__ACTION ITEM__: Lines below starting with the line with "dense_in X (fun x => X" and going on through the line with "sqrt (INR (fact" must be output exactly; the rest of the records must be left out.

Excerpts from a dataset
▽

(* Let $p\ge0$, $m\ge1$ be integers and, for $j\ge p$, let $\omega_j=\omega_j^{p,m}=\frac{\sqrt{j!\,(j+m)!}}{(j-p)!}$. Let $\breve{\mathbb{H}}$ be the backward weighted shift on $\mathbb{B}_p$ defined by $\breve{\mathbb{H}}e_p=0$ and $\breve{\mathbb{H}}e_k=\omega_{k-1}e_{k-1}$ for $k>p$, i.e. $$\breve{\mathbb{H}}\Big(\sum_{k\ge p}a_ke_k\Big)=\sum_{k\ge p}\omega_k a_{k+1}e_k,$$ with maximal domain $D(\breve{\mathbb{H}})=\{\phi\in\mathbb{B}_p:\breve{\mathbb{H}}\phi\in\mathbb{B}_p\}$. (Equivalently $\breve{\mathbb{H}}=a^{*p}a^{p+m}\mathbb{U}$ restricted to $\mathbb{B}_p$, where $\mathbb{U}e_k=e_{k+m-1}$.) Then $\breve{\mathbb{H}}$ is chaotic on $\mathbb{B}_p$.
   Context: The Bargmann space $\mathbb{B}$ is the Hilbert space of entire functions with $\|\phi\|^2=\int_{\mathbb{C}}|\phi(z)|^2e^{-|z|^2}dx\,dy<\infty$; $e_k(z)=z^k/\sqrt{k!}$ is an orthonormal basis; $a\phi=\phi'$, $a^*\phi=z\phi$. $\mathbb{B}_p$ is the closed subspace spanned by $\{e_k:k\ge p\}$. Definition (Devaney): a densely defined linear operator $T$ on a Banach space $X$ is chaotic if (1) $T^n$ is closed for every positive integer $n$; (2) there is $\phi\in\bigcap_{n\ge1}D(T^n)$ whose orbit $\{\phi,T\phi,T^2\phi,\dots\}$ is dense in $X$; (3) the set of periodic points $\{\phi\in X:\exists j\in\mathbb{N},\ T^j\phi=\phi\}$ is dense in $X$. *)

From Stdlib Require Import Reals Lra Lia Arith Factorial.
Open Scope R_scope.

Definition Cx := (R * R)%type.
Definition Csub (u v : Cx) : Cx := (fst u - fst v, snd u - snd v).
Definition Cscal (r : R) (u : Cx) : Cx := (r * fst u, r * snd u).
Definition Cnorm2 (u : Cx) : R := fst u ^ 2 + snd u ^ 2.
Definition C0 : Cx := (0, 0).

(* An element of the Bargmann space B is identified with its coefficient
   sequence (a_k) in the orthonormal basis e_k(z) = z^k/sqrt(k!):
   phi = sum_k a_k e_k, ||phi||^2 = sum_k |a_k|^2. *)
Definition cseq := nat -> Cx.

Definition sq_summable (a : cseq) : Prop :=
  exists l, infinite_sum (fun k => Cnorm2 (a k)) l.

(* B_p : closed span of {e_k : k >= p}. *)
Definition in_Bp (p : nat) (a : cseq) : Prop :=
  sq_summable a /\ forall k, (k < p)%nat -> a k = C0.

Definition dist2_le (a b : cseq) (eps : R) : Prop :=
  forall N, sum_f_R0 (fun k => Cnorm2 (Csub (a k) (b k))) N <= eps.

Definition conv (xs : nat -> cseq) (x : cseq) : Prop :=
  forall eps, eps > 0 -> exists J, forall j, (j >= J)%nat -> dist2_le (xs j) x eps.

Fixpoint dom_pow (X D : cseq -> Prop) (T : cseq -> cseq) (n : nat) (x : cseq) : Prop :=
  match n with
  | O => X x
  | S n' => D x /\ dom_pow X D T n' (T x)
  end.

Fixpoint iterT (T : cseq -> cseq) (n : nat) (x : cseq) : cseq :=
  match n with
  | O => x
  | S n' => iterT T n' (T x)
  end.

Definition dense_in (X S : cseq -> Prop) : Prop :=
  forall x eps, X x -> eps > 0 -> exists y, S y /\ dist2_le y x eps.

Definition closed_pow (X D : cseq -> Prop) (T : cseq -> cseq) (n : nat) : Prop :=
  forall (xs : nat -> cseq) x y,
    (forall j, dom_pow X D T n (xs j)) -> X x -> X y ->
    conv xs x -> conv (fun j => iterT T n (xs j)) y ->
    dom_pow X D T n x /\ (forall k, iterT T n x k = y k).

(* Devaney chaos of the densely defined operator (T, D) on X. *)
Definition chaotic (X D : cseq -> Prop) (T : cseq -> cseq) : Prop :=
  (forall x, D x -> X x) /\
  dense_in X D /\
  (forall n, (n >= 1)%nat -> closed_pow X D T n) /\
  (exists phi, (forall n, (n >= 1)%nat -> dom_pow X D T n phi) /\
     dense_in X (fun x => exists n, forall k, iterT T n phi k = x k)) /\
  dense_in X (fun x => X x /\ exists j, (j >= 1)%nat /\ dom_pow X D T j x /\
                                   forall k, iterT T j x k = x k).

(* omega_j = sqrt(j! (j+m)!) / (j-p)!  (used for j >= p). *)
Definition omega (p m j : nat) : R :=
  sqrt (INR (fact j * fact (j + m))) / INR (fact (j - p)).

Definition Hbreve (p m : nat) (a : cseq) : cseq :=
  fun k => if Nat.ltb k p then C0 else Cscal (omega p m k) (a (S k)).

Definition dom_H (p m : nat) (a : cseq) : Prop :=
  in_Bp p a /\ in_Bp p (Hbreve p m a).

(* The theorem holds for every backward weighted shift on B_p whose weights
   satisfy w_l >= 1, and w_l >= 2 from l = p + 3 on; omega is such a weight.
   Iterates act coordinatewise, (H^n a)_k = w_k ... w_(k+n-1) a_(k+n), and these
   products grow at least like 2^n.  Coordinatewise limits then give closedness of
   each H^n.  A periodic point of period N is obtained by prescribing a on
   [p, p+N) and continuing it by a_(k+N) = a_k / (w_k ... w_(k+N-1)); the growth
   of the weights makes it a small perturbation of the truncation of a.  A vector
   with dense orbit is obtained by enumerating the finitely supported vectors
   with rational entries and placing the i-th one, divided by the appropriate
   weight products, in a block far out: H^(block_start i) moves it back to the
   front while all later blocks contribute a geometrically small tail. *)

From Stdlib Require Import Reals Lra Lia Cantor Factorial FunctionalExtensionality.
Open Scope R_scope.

△

__ANSWER TO THIS TASK__:
  dense_in X (fun x => X x /\ exists j, (j >= 1)%nat /\ dom_pow X D T j x /\
                                   forall k, iterT T j x k = x k).

(* omega_j = sqrt(j! (j+m)!) / (j-p)!  (used for j >= p). *)
Definition omega (p m j : nat) : R :=
  sqrt (INR (fact j * fact (j + m))) / INR (fact (j - p)).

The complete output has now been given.